I don't care to see the housing in my peep, so I use a 1 3/4" lens and 3/64" orifice in my Super Peep. I have used a circle which fits well within my field of view to aid centering the pin. I want to say it helps, but have done well with just the pin......

If using a lens then the bar should be moved in or out for best clarity. Extension bar mounts and bow risers are not square to the world. Moving in or out can effect both vertical and horizontal impact. Find best clarity with the lens and mark bar so same length assured......


----------



## ken Johnson (Apr 5, 2007)

If you want to shoot accurately do not try to align your peep with your pin housing, 

Archery is no different then other sport. To prove the point, think about the athlete who make a running catch. To catch the ball as he is running at top speed he does not think of where his feet are landing or how long his stride needs to be.
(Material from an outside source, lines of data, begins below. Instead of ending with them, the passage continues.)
Lemma eta_a_sign_change : exists T, sign_change (Derive (eta_a a p phi)) 0 a T.
Proof.
  pose proof (clamped_power_continuous a e phi a_pos phi_C0 phi_pos) as psi_cont.
  destruct (slope_factor_sign_change a psi k dk a_pos psi_pos psi_cont psi_derive
              log_derivative_derive log_derivative_increasing (Rpower M e)
              (clamped_power_unbounded_at_0 a e phi a_pos phi_C0 phi_pos exponent_neg phi0)
              (exp_pos _)
              (clamped_power_ge a e phi phi_pos M (Rlt_le _ _ exponent_neg) phi_le))
    as [T HT].
  exists T.
  apply (sign_change_mul _ _ (fun t => psi t / tail_integral a psi t ^ 2) 0 a T
           Derive_eta_a); [|exact HT].
  exact (tail_weight_pos a psi a_pos psi_pos psi_cont).
Qed.

End EtaA.

Theorem lemma2p4 (a p c1 c2 delta : R) (phi : R -> R)
  (ha : 0 < a) (hp : 1 < p)
  (hC1 : C1_half_open a phi) (hC0 : C0_closed a phi)
  (h0 : phi 0 = 0)
  (hpos : forall t, 0 < t <= a -> 0 < phi t)
  (hc1 : 0 < c1) (hc2 : 0 < c2) (hdelta : 0 < delta)
  (hbounds : forall t, 0 < t <= a ->
     c1 * Rpower t (p - 1 + delta) <= phi t /\ phi t <= c2 * Rpower t (p - 1 + delta))
  (htwice : forall t, 0 < t < a -> ex_derive phi t /\ ex_derive (Derive phi) t)
  (hlogconc : forall t, 0 < t < a ->
     Derive (fun s => Derive phi s / phi s) t < 0) :
  exists! T : R, 0 < T < a /\
    (forall t, 0 < t < T -> Derive (eta_a a p phi) t < 0) /\
    (forall t, T < t < a -> 0 < Derive (eta_a a p phi) t).
Proof.
  assert (phi_le : forall t, 0 < t <= a -> phi t <= c2 * Rpower a (p - 1 + delta)).
  { intros t Ht. eapply Rle_trans; [apply (hbounds t Ht)|].
    apply Rmult_le_compat_l, Rle_Rpower_l; lra. }
  destruct (eta_a_sign_change a p _ phi ha hp hC0 h0 hpos phi_le htwice hlogconc)
    as [T HT].
  exists T. split; [exact HT|].
  intros T' HT'. exact (sign_change_unique _ _ _ _ _ HT HT').
Qed.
What he does is focus on the ball. His speed is set subconsciously. When he reaches out for the ball he does not aim his hand at the ball. He keep his focus on the ball, and his hand reaches out subconsciously. 

The same is true in archery. The key to shooting accurately is to focus on the target.

There are those who want you to mechanically align your peep and your pin housing while at the same time aligning your pin with your target. That is like telling the ball player to be sure to check to see if his arm is extended far enough while at the same time to be sure to aim his hand at the path of the ball. It just does not work. Yogi Berra.is quoted as saying, How can you hit the ball, when your thinking of hitting the ball. Yogi was a wise man. If you are thinking of aligning your peep with your pin housing and your pin with your target, you will not be able to do either. Instead you will cause tension and target panic.

Then what should you do. Do what other athletes do focus on your target and let your subconscious
align your eye and your pin with your target. The more you focus the quicker and more accurately your eye will center on your peep and your pin will move to your target. Be like all other athletes focus on your target and let your subconscious do the aiming.

Also your round peep will vary as light varies.

Watch this video.


----------



## BowKil (Mar 19, 2005)

Another sales pitch....... Don't worry about your sight level, either.


----------



## montigre (Oct 13, 2008)

I do not line up my peep with the housing. I shoot a 29mm housing for indoor and field competitions with a small 45 degree Specialty Archery peep and a chubby circle reticle. I have found I am much more consistent just aligning my peep with the reticle and putting the reticle around the center of the target. Then I just keep my eyes on the spot I want to hit and let the fine aiming take care of itself. If I am shooting for a baby x, then I add a small dot to the center of my circle. My overall peep to sight distance is 28.75" at full draw.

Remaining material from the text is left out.